The President, Abulfaz Elchibey, a dissident in Soviet times who was elected last summer with nearly 60 per cent of the vote, has fled the capital, though he insists that he will continue to rule the country from the mountain village where he has taken refuge. The posts of prime minister, defence minister, interior minister and national security minister are all vacant.
Filling the vacuum is one of the wiliest of politicians in the whole of the former Soviet Union - the former Politburo member, KGB general and Azeri Communist Party first secretary, Geidar Aliyev. At an emergency session of parliament yesterday, he rammed through a resolution appealing for Mr Elchibey to return. Few expect him to do so, least of all Mr Aliyev who has already taken over many of the President's duties, and is widely believed to want the title. He also pushed through a second motion praising the patriotic fervour of the rebel leader, Suret Guseinov.
Mr Guseinov, who originally declared his support for Mr Aliyev, may turn out to be more of a wild card than the veteran Communist realised. Yesterday, speaking in Azerbaijan's second city of Gyandzha, which he captured earlier this month, the rebel leader claimed supreme power in the republic. 'There is a power vacuum,' he said. 'The reality of the situation today does not allow the chairman of the Supreme Soviet (the position Mr Aliyev holds) to take all authority on himself. And so I am obliged to take authority on myself.'
During the parliamentary debate, MPs marched to the podium one by one to explain why they could not stop the rebel militia from marching into the centre of Baku. 'They have enough power to enter the city right now.
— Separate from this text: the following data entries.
(* Let $(X,Y,R)$ be a random triple with $X\in\mathbb{R}^d$, $Y\in\{0,1\}$, $R\in\{0,1\}$, $0<P(R=1)<1$, with all conditional probabilities $P(R=r\mid X,Y)$, $P(Y=y\mid X,R=r)$ in $(0,1)$. Let $T:\mathbb{R}^d\to\mathbb{R}^k$ be measurable and for $\theta=(\alpha_0,\alpha_1,\beta_0,\beta_1)\in\mathbb{R}\times\mathbb{R}\times\mathbb{R}^k\times\mathbb{R}^k$ set $\omega(x,y;\theta)=\exp(\alpha_y+\beta_y^\top T(x))$, $$\eta_r(x,y;\theta)=\frac{P(R=1)}{P(R=1)+\omega(x,y;\theta)P(R=0)},\qquad \gamma(1\mid x;\theta)=(\alpha_1-\alpha_0)+(\beta_1-\beta_0)^\top T(x).$$ Let $\{\eta_1(\cdot;\xi):\xi\in\Xi\}$ be a family of measurable functions $\mathbb{R}^d\to(0,1)$, and set $$m_0(x;\theta,\xi)=\frac{e^{\gamma(1\mid x;\theta)}\eta_1(x;\xi)}{e^{\gamma(1\mid x;\theta)}\eta_1(x;\xi)+1-\eta_1(x;\xi)}.$$ Let $\tau:\mathbb{R}^d\times\{0,1\}\to\mathbb{R}$ and $m_{0,\tau}(x;\theta,\xi)=\tau(x,0)+\{\tau(x,1)-\tau(x,0)\}m_0(x;\theta,\xi)$. Fix $\theta^\star$ and $\xi^\star\in\Xi$, and assume all expectations below are finite. Define $$\text{a-bias}(\widehat\mu_{0,\mathrm{IW}})=\mathbb{E}\Big[\Big\{\tfrac{R}{P(R=1)}\omega(X,Y;\theta^\star)-\tfrac{1-R}{P(R=0)}\Big\}\tau(X,Y)\Big],\quad \text{a-bias}(\widehat\mu_{\mathrm{IW}})=\mathbb{E}\Big[\Big\{\tfrac{R}{\eta_r(X,Y;\theta^\star)}-1\Big\}\tau(X,Y)\Big],$$ $$\text{a-bias}(\widehat\mu_{0,\mathrm{DR}})=\mathbb{E}\Big[\Big\{\tfrac{R}{P(R=1)}\omega(X,Y;\theta^\star)-\tfrac{1-R}{P(R=0)}\Big\}\{\tau(X,Y)-m_{0,\tau}(X;\theta^\star,\xi^\star)\}\Big],$$ $$\text{a-bias}(\widehat\mu_{\mathrm{DR}})=\mathbb{E}\Big[\Big\{\tfrac{R}{\eta_r(X,Y;\theta^\star)}-1\Big\}\{\tau(X,Y)-m_{0,\tau}(X;\theta^\star,\xi^\star)\}\Big].$$ Then: (i) If $\mathbb{E}[R\mid X,Y]=\eta_r(X,Y;\theta^\star)$, then $\text{a-bias}(\widehat\mu_{0,\mathrm{IW}})=\text{a-bias}(\widehat\mu_{\mathrm{IW}})=\text{a-bias}(\widehat\mu_{0,\mathrm{DR}})=\text{a-bias}(\widehat\mu_{\mathrm{DR}})=0$. (ii) If $\gamma(1\mid x)=\gamma(1\mid x;\theta^\star)$ for all $x$ and $\mathbb{E}[Y\mid X,R=0]=m_0(X;\theta^\star,\xi^\star)$, then $\text{a-bias}(\widehat\mu_{0,\mathrm{DR}})=\text{a-bias}(\widehat\mu_{\mathrm{DR}})=0$. Here $\gamma(y\mid x)=\log\Big\{\dfrac{P(R=0\mid Y=y,X=x)\,P(R=1\mid Y=0,X=x)}{P(R=1\mid Y=y,X=x)\,P(R=0\mid Y=0,X=x)}\Big\}$ is the true log odds ratio.
   Context: $R=1$ indicates that $Y$ is observed, $R=0$ that it is missing. The quantities ''a-bias'' are the asymptotic biases of importance-weighted (IW) and doubly robust (DR) estimators of $\mathbb{E}[\tau(X,Y)\mid R=0]$ and $\mathbb{E}[\tau(X,Y)]$ whose tilt-parameter estimates converge to $\theta^\star$ and whose outcome-model estimates $\eta_1(\cdot;\widehat\xi)$ of $P(Y=1\mid X,R=1)$ converge to parameter $\xi^\star$; for the purposes of this statement they are defined by the displayed expressions. *)

From HB Require Import structures.
From mathcomp Require Import all_boot all_order all_algebra.
From mathcomp Require Import all_classical all_reals all_analysis.
Set Implicit Arguments. Unset Strict Implicit. Unset Printing Implicit Defensive.
Import Order.TTheory GRing.Theory Num.Theory.
Local Open Scope classical_set_scope.
Local Open Scope ring_scope.

(** Covariates live in R^d, represented as [d.-tuple R] with the product
    (= Borel) sigma-algebra provided by MathComp-Analysis. *)

Definition dotk {R : realType} {k : nat} (b t : k.-tuple R) : R :=
  \sum_(i < k) tnth b i * tnth t i.

Record param (R : realType) (k : nat) := Param {
  alpha0 : R; alpha1 : R; beta0 : k.-tuple R; beta1 : k.-tuple R }.

Section Model.
Context {R : realType} {d k : nat} (T : d.-tuple R -> k.-tuple R).

Definition omega (th : param R k) (x : d.-tuple R) (y : bool) : R :=
  expR ((if y then alpha1 th else alpha0 th) +
        dotk (if y then beta1 th else beta0 th) (T x)).

Definition eta_r (pr1 pr0 : R) (th : param R k) (x : d.-tuple R) (y : bool) : R :=
  pr1 / (pr1 + omega th x y * pr0).

Definition gamma1 (th : param R k) (x : d.-tuple R) : R :=
  (alpha1 th - alpha0 th) + (dotk (beta1 th) (T x) - dotk (beta0 th) (T x)).
(* The matrix T = sylvester B, with entries
   (a_l - a_j)^-1 P_j B P_l off the diagonal blocks, solves [A, T] = - sspc_A(B).
   Hence conjugation by S = 1 + T, invertible for small B, maps
   Y r n = r A + r sspc_A(B) + n ssp_A(B) to Z r n = r A + n ssp_A(B) up to O(|B|^2),
   for all scalars r and n.  Now Y 1 1 = A + B, and since ssp_A(B) commutes with A
   and e^(kA) = 1, (e^(Z 1 1))^n = e^(n A + n ssp_A(B)) = e^(Z r n) for r = n mod k.
   The exponential and the n-th power are locally Lipschitz, so
   (e^(A+B))^n - e^(Y r n) = S ((e^(C 1 1))^n - (e^(Z 1 1))^n + e^(Z r n) - e^(C r n)) S^-1,
   with C = S^-1 Y S, is O(|B|^2).
   Norms are entrywise l1 norms (submultiplicative and equivalent to the Frobenius
   norm), and the exponential is handled through its defining series. *)

From HB Require Import structures.
From mathcomp Require Import all_boot all_order all_algebra.
From mathcomp Require Import boolp classical_sets reals complex.
From mathcomp Require Import topology normedtype sequences exp.
From mathcomp Require Import ring lra.
Import Order.TTheory GRing.Theory Num.Theory.
Import numFieldNormedType.Exports.
Local Open Scope ring_scope.
Set Implicit Arguments. Unset Strict Implicit. Unset Printing Implicit Defensive.

Lemma ltr_mul_div_succ (R : realFieldType) (c e : R) :
  0 <= c -> 0 < e -> c * (e / (c + 1)) < e.
Proof. by move=> c0 e0; rewrite mulrA ltr_pdivrMr; nra. Qed.

Lemma ler_addgt0_scaled (R : realFieldType) (c x y : R) :
  0 <= c -> (forall e, 0 < e -> x <= y + c * e) -> x <= y.
Proof.
move=> c0 H; apply/ler_addgt0Pr => e e0.
apply: le_trans (H _ (divr_gt0 e0 (ltr_wpDl c0 ltr01))) _.
by rewrite lerD2l ltW // ltr_mul_div_succ.
Qed.

Lemma ler_mul_norml (R : realDomainType) (c x y : R) :
  0 <= x -> x <= y -> c * x <= `|c| * y.
Proof.
move=> x0 xy; apply: le_trans (_ : _ <= `|c| * x) _.
  by apply: ler_wpM2r => //; exact: ler_norm.
by apply: ler_wpM2l => //; exact: normr_ge0.
Qed.

Lemma intertwineX (T : pzRingType) (x y s : T) k :
  x * s = s * y -> x ^+ k * s = s * y ^+ k.
Proof.
move=> xs; elim: k => [|k IH]; first by rewrite !expr0 mul1r mulr1.
by rewrite exprS -mulrA IH mulrA xs -mulrA -exprS.
Qed.

Lemma conjX (T : pzRingType) (s t x : T) n :
  s * t = 1 -> t * s = 1 -> (t * x * s) ^+ n = t * x ^+ n * s.
Proof.
move=> st ts; have xs : x * s = s * (t * x * s) by rewrite !mulrA st mul1r.
by rewrite -[RHS]mulrA (intertwineX n xs) mulrA ts mul1r.
Qed.

Lemma conj_exprB (T : pzRingType) (s t x y u v : T) n :
  s * t = 1 -> t * s = 1 -> u ^+ n = v ->
  s * ((x ^+ n - u ^+ n) + (v - y)) * t = (s * x * t) ^+ n - s * y * t.
Proof.
by move=> st ts <-; rewrite addrA subrK mulrBr mulrBl (conjX _ _ ts st).
Qed.

Section RealSeries.
Variable R : realType.

Lemma cauchy_seq_cvg (u : nat -> R) :
  (forall eps : R, 0 < eps -> exists N, forall p q,
     (N <= p)%N -> (N <= q)%N -> `|u p - u q| < eps) ->
  exists l : R, forall eps : R, 0 < eps ->
    exists N, forall p, (N <= p)%N -> `|l - u p| < eps.
Proof.
move=> u_cauchy.
have u_cvg : cvgn u.
  apply/cauchy_cvgP/cauchy_ballP => e e0; have [N HN] := u_cauchy e e0.
  rewrite near_simpl.
  exists ([set p | (N <= p)%N]%classic, [set q | (N <= q)%N]%classic).
    by split; exists N.
  by move=> [p q] [/= hp hq]; rewrite /ball /= distrC; apply: HN.
exists (limn u) => eps eps0.
by move/cvgrPdist_lt: u_cvg => /(_ eps eps0) [N _ HN]; exists N.
Qed.

Lemma series_exp_coeff_le (x : R) N : 0 <= x -> series (exp_coeff x) N <= expR x.
Proof.
move=> x0; apply: nondecreasing_cvgn_le; last exact: is_cvg_series_exp_coeff.
by apply: (@nondecreasing_series R _ xpredT 0%N) => k _ _; exact: exp_coeff_ge0.
Qed.

Lemma series_exp_coeff_ge0 (x : R) N : 0 <= x -> 0 <= series (exp_coeff x) N.
Proof. by move=> x0; apply: sumr_ge0 => k _; exact: exp_coeff_ge0. Qed.

Lemma series_exp_coeff_cvg (x eps : R) : 0 < eps ->
  exists N0, forall N, (N0 <= N)%N -> expR x - series (exp_coeff x) N < eps.
Proof.
move=> eps0; move/cvgrPdist_lt: (is_cvg_series_exp_coeff x) => /(_ eps eps0) [N0 _ HN].
by exists N0 => N /HN; apply: le_lt_trans; apply: ler_norm.
Qed.

End RealSeries.

Section ComplexNorm.
Variable R : realType.
Local Notation normc := (@Normc.normc R).
Implicit Types x y : R[i].

Lemma normc_ge0 x : 0 <= normc x.
Proof. by case: x => a b; apply: sqrtr_ge0. Qed.

Lemma normc_sqr x : normc x ^+ 2 = complex.Re x ^+ 2 + complex.Im x ^+ 2.
Proof. by case: x => a b /=; rewrite sqr_sqrtr // addr_ge0 ?sqr_ge0. Qed.

Lemma normc_nat k : normc k%:R = k%:R.
Proof. by rewrite -[k%:R]/((1 : R[i]) *+ k) normcMn Normc.normc1. Qed.

Lemma Re_le_normc x : `|complex.Re x| <= normc x.
Proof.
rewrite -sqrtr_sqr -[normc x]ger0_norm ?normc_ge0 // -sqrtr_sqr normc_sqr.
by rewrite ler_sqrt ?addr_ge0 ?sqr_ge0 // lerDl sqr_ge0.
Qed.

Lemma Im_le_normc x : `|complex.Im x| <= normc x.
Proof.
rewrite -sqrtr_sqr -[normc x]ger0_norm ?normc_ge0 // -sqrtr_sqr normc_sqr.
by rewrite ler_sqrt ?addr_ge0 ?sqr_ge0 // lerDr sqr_ge0.
Qed.

Lemma normc_le_ReIm x : normc x <= `|complex.Re x| + `|complex.Im x|.
Proof.
have h : normc x ^+ 2 <= (`|complex.Re x| + `|complex.Im x|) ^+ 2.
  rewrite normc_sqr sqrrD !real_normK ?num_real // -addrA lerD2l lerDr.
  by rewrite mulrn_wge0 // mulr_ge0.
by rewrite -(@ler_pXn2r _ 2) // ?nnegrE ?normc_ge0 ?addr_ge0.
Qed.

Lemma normc_sum (I : Type) (r : seq I) (P : pred I) (F : I -> R[i]) :
  normc (\sum_(i <- r | P i) F i) <= \sum_(i <- r | P i) normc (F i).
Proof.
elim/big_rec2: _ => [|i y1 y2 _ IH]; first by rewrite Normc.normc0.
by apply: le_trans (le_normcD _ _) _; rewrite lerD2l.
Qed.
Lemma exists_seq_max (T : eqType) d (U : orderType d) (f : T -> U) (s : seq T) :
  s != [::] -> exists2 x, x \in s & {in s, forall y, (f y <= f x)%O}.
Proof.
elim: s => // x [_ _ | x' s IH _].
  by exists x; rewrite ?mem_seq1 // => y; rewrite mem_seq1 => /eqP ->.
have [m ms m_max] := IH isT.
have [le_xm | le_mx] := leP (f x) (f m).
  exists m; first by rewrite inE ms orbT.
  by move=> y; rewrite inE => /predU1P[-> | /m_max].
exists x; rewrite ?mem_head // => y; rewrite inE => /predU1P[-> // | /m_max le_ym].
exact: le_trans le_ym (ltW le_mx).
Qed.

Section MonomialForms.
Variables (C : fieldType) (S : seq C).
Hypothesis S_neq0 : all (fun x => x != 0) S.

(* [lform w] induces a homomorphism from the group generated by [S] to [Q]. *)
Definition factors_monom (w : 'cV[rat]_(size S)) :=
  forall t, monom S t = 1 -> lform w t = 0.

Lemma factors_monom_eq w a b :
  factors_monom w -> monom S a = monom S b -> lform w a = lform w b.
Proof.
move=> w_hom ab; apply/eqP; rewrite -subr_eq0 -lformB w_hom //.
by rewrite monomB // ab mulfV ?monom_neq0.
Qed.

Lemma lkey_max_product_unique (W : seq 'cV[rat]_(size S)) (A B : seq C) x y :
  {in W, forall w, factors_monom w} -> {subset A <= S} -> {subset B <= S} ->
  {in A &, injective (fun x => lkey W (expv S x))} ->
  x \in A -> {in A, forall x', (lkey W (expv S x') <= lkey W (expv S x))%O} ->
  y \in B -> {in B, forall y', (lkey W (expv S y') <= lkey W (expv S y))%O} ->
  forall x' y', x' \in A -> y' \in B -> x' * y' = x * y -> x' = x.
Proof.
move=> W_hom AS BS key_inj xA x_max yB y_max x' y' x'A y'B xy_eq.
apply: key_inj => //; apply/le_anti; rewrite x_max //=.
have key_sum : lkey W (expv S x + expv S y) = lkey W (expv S x' + expv S y').
  apply/eq_in_map => w /W_hom w_hom; apply: factors_monom_eq w_hom _.
  by rewrite !monomD // !monom_expv ?(AS _ xA) ?(AS _ x'A) ?(BS _ yB) ?(BS _ y'B).
rewrite -(lkey_leD2r W _ _ (expv S y)) key_sum.
by rewrite ![expv S x' + _]addrC lkey_leD2r y_max.
Qed.

Hypothesis S_tf : gen_torsion_free S.

Lemma separating_forms (D : seq 'rV[int]_(size S)) :
  exists2 W : seq 'cV[rat]_(size S), {in W, forall w, factors_monom w} &
    {in D, forall d, monom S d != 1 -> exists2 w, w \in W & lform w d != 0}.
Proof.
elim: D => [|d D [W W_hom W_sep]]; first by exists [::].
have [d1 | d_neq1] := eqVneq (monom S d) 1.
  by exists W => // d'; rewrite inE => /predU1P[-> | /W_sep //]; rewrite d1 eqxx.
have [w w_hom wd] : exists2 w, factors_monom w & lform w d != 0.
  apply: lattice_separation => [|a b a_eq1 b_eq1 | z a a_eq1 | m m_gt0 dm1].
  - exact: monom0.
  - by rewrite monomD // a_eq1 b_eq1 mulr1.
  - by rewrite monomZ // a_eq1 exp1rz.
  - move/eqP: d_neq1; apply; apply: (S_tf _ m_gt0); last by rewrite -monomMn.
    by apply/in_genP; exists d.
exists (w :: W) => [w' | d'].
  by rewrite inE => /predU1P[-> | /W_hom].
rewrite inE => /predU1P[-> _ | /W_sep sep_d' /sep_d'[w' w'W w'd']].
  by exists w; rewrite ?mem_head.
by exists w'; rewrite // inE w'W orbT.
Qed.

Lemma exists_injective_lkey (A : seq C) : {subset A <= S} ->
  exists2 W : seq 'cV[rat]_(size S), {in W, forall w, factors_monom w} &
    {in A &, injective (fun x => lkey W (expv S x))}.
Proof.
move=> AS.
have [W W_hom W_sep] := separating_forms [seq expv S x - expv S y | x <- A, y <- A].
exists W => // x y xA yA key_eq; apply: contraTeq isT => neq_xy.
have y_neq0 : y != 0 by rewrite (allP S_neq0) ?AS.
have [|w wW] := W_sep _ (allpairs_f _ xA yA).
  rewrite monomB // !monom_expv ?AS //; apply: contra neq_xy => /eqP xy1.
  by rewrite -(divfK y_neq0 x) xy1 mul1r.
by rewrite lformB subr_eq0 ((eq_in_map _ _ W).2 key_eq w wW) eqxx.
Qed.

End MonomialForms.

Section ProductOfPowerSums.
Variables (C : fieldType) (b1 a1 b2 a2 bg ag : seq C).
Hypotheses (ps1 : is_power_sum b1 a1) (ps2 : is_power_sum b2 a2) (psg : is_power_sum bg ag).
Hypothesis f2_eq : forall n, psum b2 a2 n = psum b1 a1 n * psum bg ag n.
Hypothesis S_tf : gen_torsion_free (a1 ++ a2 ++ ag).

Local Notation S := (a1 ++ a2 ++ ag).
Local Notation phi w x := (lform w (expv S x)).

Lemma roots_neq0 : all (fun x => x != 0) S.
Proof. by case: ps1 ps2 psg => [? ? ? ? ?] [? ? ? ? ?] [? ? ? ? ?]; rewrite !all_cat; apply/and3P. Qed.

Let a1S : {subset a1 <= S}. Proof. by move=> x xa1; rewrite mem_cat xa1. Qed.
Let a2S : {subset a2 <= S}. Proof. by move=> x xa2; rewrite !mem_cat xa2 orbT. Qed.
Let agS : {subset ag <= S}. Proof. by move=> x xag; rewrite !mem_cat xag !orbT. Qed.

Lemma max_roots_form_sum_eq0 (psi : 'cV[rat]_(size S)) :
  (forall t, in_gen a2 (monom S t) -> lform psi t = 0) ->
  exists x y, [/\ x \in a1, y \in ag, {in a1, forall x', phi psi x' <= phi psi x},
    {in ag, forall y', phi psi y' <= phi psi y} & phi psi x + phi psi y = 0].
Proof.
move=> psi_a2.
have psi_hom : factors_monom psi.
  by move=> t t1; apply: psi_a2; rewrite t1; exact: in_gen1.
have [W0 W0_hom W0_inj] := exists_injective_lkey roots_neq0 S_tf a1S.
pose W := psi :: W0.
have W_hom : {in W, forall w, factors_monom w}.
  by move=> w; rewrite inE => /predU1P[-> | /W0_hom].
have W_inj : {in a1 &, injective (fun x => lkey W (expv S x))}.
  by move=> x x' xa1 x'a1 [_ /W0_inj]; apply.
have roots_nonnil (b a : seq C) : is_power_sum b a -> a != [::].
  by case=> _ a_gt0 _ _ _; rewrite -size_eq0 -lt0n.
have [x xa1 x_max] := exists_seq_max (fun x => lkey W (expv S x)) (roots_nonnil _ _ ps1).
have [y yag y_max] := exists_seq_max (fun y => lkey W (expv S y)) (roots_nonnil _ _ psg).
have xy_a2 : x * y \in a2.
  apply: (unique_product_root ps1 psg f2_eq xa1 yag).
  exact: (lkey_max_product_unique roots_neq0 W_hom a1S agS W_inj xa1 x_max yag y_max).
exists x, y; split=> // [x' /x_max | y' /y_max | ]; try exact: lkey_cons_le.
rewrite -lformD -(psi_a2 (expv S (x * y))); last first.
  by rewrite monom_expv ?a2S //; exact: mem_in_gen.
apply: (factors_monom_eq roots_neq0 psi_hom).
by rewrite monomD ?roots_neq0 // !monom_expv //; [exact: a2S | exact: agS | exact: a1S].
Qed.

Lemma form_vanishes_on_roots (psi : 'cV[rat]_(size S)) :
  1 \in a1 -> (forall t, in_gen a2 (monom S t) -> lform psi t = 0) ->
  {in a1, forall x, phi psi x = 0}.
Proof.
move=> one_a1 psi_a2 z za1.
have phi1 : phi psi 1 = 0.
  by apply: psi_a2; rewrite monom_expv ?a1S ?roots_neq0 //; exact: in_gen1.
have [x [y [_ yag x_max y_max sum_max]]] := max_roots_form_sum_eq0 psi_a2.
have opp_psi_a2 t : in_gen a2 (monom S t) -> lform (- psi) t = 0.
  by move/psi_a2; rewrite lform_opp => ->; rewrite oppr0.
have [x' [y' [_ y'ag x'_min _ sum_min]]] := max_roots_form_sum_eq0 opp_psi_a2.
move: (x_max _ za1) (x_max _ one_a1) (y_max _ y'ag) (x'_min _ za1) (x'_min _ one_a1) sum_min.
rewrite !lform_opp; lra.
Qed.

End ProductOfPowerSums.

Theorem lemma5p10 (R : realType) (b1 a1 b2 a2 bg ag : seq R[i]) :
  is_power_sum b1 a1 -> is_power_sum b2 a2 -> is_power_sum bg ag ->
  gen_torsion_free (a1 ++ a2 ++ ag) ->
  1 \in a1 ->
  (forall n : nat, psum b2 a2 n = psum b1 a1 n * psum bg ag n) ->
  forall gamma : R[i], gamma \in a1 ->
    exists k : nat, (0 < k)%N /\ in_gen a2 (gamma ^+ k).
Proof.
move=> ps1 ps2 psg S_tf one_a1 f2_eq gamma ga1.
apply: NNPP => no_power.
have S_neq0 := roots_neq0 ps1 ps2 psg.
have a2_neq0 : all (fun x => x != 0) a2 by case: ps2.
pose T t := in_gen a2 (monom (a1 ++ a2 ++ ag) t).
have [psi psi_a2] : exists2 psi, (forall t, T t -> lform psi t = 0) &
    lform psi (expv (a1 ++ a2 ++ ag) gamma) != 0.
  apply: lattice_separation => [|a b | z a | m m_gt0].
  - by rewrite /T monom0; exact: in_gen1.
  - by rewrite /T monomD //; exact: in_genM.
  - by rewrite /T monomZ //; exact: in_genXz.
  - by rewrite /T monomMn // monom_expv ?mem_cat ?ga1 // => gm; apply: no_power; exists m.
by rewrite (form_vanishes_on_roots ps1 ps2 psg f2_eq S_tf one_a1 psi_a2) ?eqxx.
Qed.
Our position is very difficult. We think this confrontation must be settled by political means,' said Ravshan Javadov, the acting interior minister, dressed for the occasion in camouflage fatigues.
He left no doubt about the settlement he had in mind, saying that 90 per cent of the population supported Mr Guseinov. 'Tomorrow, it will be too late,' he warned.
For a moment parliament, some 40 middle-aged men in expensive suits, thought it was already too late. A deep grumble could be heard outside as half the lights suddenly went out in the hall. The noise turned out to be only thunder and the dim lights due to a faulty fuse.
If President Elchibey was watching the televised debate from his refuge in Nakhichevan, near the Iranian border, he will have been particularly unnerved by the speech, the only one in Russian instead of Azeri, by the acting defence minister, General Safar Abiyev: 'We have decided we will not use force against our own people.' The Azeri army, he said, would 'not interfere in internal matters'.